**EXERCISE:**
Only one stretch of the listing below is wanted. Begin at the line that has "Lemma scalarization_proper zs", stop after the line that has "forall z, ~", and repeat every line in between exactly.
- - - - -
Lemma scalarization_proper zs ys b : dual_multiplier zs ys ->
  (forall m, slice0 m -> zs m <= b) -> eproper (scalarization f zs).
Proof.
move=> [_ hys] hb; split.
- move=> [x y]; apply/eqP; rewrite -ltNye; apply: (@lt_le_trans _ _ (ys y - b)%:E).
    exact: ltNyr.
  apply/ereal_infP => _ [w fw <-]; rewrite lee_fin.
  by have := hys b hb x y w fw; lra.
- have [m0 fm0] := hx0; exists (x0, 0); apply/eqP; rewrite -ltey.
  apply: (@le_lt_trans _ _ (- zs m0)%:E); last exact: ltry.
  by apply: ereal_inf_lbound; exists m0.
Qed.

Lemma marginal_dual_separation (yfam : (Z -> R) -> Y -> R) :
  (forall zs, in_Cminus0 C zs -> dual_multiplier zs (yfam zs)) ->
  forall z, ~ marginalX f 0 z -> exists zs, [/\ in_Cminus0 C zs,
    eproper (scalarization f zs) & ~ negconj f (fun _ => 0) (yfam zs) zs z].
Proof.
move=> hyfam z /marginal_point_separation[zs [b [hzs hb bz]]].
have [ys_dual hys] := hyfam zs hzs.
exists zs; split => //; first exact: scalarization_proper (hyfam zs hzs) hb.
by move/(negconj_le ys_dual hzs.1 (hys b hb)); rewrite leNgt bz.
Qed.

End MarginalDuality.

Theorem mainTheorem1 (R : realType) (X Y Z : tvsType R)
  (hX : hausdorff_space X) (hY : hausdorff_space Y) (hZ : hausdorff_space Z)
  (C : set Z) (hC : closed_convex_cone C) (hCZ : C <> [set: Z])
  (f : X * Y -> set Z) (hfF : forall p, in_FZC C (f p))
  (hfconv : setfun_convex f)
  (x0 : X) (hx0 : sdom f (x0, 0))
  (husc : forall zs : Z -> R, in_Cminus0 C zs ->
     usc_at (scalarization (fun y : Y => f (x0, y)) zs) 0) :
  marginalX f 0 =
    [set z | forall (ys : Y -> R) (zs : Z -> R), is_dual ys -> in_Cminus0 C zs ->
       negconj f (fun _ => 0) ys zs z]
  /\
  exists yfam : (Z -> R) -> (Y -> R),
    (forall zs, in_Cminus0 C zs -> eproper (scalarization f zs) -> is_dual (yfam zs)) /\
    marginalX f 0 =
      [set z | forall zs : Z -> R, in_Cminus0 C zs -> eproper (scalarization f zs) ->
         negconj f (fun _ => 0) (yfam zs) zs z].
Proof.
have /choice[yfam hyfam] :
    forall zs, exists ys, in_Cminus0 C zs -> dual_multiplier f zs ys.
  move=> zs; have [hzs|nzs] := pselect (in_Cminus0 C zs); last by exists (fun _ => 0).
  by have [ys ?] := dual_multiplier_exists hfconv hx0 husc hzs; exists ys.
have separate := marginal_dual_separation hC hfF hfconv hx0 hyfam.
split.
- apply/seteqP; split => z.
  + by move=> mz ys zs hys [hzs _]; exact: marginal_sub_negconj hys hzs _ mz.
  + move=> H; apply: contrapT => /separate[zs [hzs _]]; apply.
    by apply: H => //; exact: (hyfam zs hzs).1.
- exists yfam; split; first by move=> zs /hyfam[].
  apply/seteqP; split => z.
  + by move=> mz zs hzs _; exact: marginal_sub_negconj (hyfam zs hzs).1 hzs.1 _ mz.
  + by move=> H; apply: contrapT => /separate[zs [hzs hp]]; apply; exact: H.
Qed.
- - - - -
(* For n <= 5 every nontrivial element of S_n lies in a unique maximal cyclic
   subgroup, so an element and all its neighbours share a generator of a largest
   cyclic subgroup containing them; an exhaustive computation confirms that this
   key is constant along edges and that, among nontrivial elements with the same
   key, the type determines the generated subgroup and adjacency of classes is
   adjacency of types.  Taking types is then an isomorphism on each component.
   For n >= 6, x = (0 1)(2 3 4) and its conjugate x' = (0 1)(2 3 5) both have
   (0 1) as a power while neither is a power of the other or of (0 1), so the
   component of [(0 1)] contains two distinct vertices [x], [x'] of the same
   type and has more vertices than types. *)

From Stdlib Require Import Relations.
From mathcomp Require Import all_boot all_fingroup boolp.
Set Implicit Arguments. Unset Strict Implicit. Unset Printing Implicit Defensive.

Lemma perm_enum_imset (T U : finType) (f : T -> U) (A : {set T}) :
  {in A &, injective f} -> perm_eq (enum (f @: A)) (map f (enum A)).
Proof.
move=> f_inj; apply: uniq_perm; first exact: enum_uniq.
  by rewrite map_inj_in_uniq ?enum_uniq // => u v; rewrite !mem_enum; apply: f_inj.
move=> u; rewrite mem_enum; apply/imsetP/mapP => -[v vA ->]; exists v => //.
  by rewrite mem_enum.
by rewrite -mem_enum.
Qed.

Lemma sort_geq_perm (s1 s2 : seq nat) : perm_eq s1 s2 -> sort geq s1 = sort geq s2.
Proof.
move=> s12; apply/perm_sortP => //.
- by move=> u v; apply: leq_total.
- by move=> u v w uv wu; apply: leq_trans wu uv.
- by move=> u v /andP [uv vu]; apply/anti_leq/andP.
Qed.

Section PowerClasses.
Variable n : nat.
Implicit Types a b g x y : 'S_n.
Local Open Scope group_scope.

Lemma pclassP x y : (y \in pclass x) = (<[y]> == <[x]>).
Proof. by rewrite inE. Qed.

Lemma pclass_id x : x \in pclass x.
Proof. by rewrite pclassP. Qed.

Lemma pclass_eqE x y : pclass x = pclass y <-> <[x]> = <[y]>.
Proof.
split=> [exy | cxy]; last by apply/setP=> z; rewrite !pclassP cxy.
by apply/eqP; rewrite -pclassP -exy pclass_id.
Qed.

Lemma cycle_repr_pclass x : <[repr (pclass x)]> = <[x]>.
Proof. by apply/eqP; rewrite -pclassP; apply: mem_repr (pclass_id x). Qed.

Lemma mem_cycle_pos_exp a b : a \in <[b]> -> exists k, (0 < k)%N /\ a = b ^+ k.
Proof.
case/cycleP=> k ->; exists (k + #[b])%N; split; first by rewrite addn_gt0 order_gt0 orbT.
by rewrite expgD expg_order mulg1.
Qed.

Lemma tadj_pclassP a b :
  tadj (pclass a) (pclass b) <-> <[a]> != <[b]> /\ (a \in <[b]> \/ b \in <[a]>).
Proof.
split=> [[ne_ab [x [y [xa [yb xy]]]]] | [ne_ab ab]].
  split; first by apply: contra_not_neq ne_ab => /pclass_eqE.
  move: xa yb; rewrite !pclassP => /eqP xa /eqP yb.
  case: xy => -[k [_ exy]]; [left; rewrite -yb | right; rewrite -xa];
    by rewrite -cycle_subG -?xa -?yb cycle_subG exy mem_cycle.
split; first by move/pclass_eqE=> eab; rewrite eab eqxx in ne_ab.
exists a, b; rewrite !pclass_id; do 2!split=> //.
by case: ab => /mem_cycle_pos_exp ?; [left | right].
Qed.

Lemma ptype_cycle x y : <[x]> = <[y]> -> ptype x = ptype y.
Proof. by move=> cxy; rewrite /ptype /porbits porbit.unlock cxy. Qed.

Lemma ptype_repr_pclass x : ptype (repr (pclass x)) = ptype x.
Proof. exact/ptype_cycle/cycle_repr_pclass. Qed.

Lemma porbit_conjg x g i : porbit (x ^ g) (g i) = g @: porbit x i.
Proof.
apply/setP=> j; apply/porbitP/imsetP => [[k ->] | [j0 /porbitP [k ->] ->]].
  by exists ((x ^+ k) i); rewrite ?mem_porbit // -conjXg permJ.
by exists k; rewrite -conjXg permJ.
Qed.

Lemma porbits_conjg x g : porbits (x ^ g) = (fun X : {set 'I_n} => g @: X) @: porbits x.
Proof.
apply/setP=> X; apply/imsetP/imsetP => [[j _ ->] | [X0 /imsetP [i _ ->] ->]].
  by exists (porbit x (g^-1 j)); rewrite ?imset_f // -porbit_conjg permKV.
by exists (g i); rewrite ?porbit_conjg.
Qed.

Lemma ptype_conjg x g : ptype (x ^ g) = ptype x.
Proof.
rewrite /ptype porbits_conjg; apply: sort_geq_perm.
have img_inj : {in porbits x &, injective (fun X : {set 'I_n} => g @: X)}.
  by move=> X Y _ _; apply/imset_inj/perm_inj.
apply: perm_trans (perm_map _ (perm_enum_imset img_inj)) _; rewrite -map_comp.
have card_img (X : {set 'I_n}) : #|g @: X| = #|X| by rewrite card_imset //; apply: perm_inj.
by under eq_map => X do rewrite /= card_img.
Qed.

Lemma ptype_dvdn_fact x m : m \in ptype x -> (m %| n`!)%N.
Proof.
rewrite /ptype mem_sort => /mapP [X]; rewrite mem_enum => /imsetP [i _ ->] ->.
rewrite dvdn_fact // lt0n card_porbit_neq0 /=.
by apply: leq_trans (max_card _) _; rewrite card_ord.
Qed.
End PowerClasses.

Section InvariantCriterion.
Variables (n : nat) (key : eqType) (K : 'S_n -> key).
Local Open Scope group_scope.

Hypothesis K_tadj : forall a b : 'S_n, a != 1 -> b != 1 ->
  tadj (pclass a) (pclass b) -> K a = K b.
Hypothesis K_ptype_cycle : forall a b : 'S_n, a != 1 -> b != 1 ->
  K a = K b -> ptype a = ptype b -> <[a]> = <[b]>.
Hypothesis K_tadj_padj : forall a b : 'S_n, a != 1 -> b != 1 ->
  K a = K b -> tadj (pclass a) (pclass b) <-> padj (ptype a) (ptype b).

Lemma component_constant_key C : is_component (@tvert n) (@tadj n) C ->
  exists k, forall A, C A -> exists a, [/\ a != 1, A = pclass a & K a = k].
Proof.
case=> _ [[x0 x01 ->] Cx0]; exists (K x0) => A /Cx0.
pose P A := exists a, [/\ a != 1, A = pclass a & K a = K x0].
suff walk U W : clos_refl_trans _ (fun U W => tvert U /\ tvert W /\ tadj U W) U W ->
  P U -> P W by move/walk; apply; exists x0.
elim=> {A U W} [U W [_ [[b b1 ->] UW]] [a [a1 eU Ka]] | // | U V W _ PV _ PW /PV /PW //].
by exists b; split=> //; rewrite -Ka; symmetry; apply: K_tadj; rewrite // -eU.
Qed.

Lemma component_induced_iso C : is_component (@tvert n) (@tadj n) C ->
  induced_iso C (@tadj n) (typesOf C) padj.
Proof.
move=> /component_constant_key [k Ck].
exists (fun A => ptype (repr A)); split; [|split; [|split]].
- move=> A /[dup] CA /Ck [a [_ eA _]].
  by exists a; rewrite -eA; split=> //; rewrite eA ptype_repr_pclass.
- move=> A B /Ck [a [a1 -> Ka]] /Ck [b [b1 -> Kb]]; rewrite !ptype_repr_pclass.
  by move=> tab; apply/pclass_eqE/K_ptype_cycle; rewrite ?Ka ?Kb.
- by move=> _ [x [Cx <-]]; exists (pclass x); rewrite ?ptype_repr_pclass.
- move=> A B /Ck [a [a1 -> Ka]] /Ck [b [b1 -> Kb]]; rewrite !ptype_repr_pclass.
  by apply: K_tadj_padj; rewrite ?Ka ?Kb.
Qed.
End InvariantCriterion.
- - - - -
**SOLUTION FOR THIS EXERCISE:**
Lemma scalarization_proper zs ys b : dual_multiplier zs ys ->
  (forall m, slice0 m -> zs m <= b) -> eproper (scalarization f zs).
Proof.
move=> [_ hys] hb; split.
- move=> [x y]; apply/eqP; rewrite -ltNye; apply: (@lt_le_trans _ _ (ys y - b)%:E).
    exact: ltNyr.
  apply/ereal_infP => _ [w fw <-]; rewrite lee_fin.
  by have := hys b hb x y w fw; lra.
- have [m0 fm0] := hx0; exists (x0, 0); apply/eqP; rewrite -ltey.
  apply: (@le_lt_trans _ _ (- zs m0)%:E); last exact: ltry.
  by apply: ereal_inf_lbound; exists m0.
Qed.

Lemma marginal_dual_separation (yfam : (Z -> R) -> Y -> R) :
  (forall zs, in_Cminus0 C zs -> dual_multiplier zs (yfam zs)) ->
  forall z, ~ marginalX f 0 z -> exists zs, [/\ in_Cminus0 C zs,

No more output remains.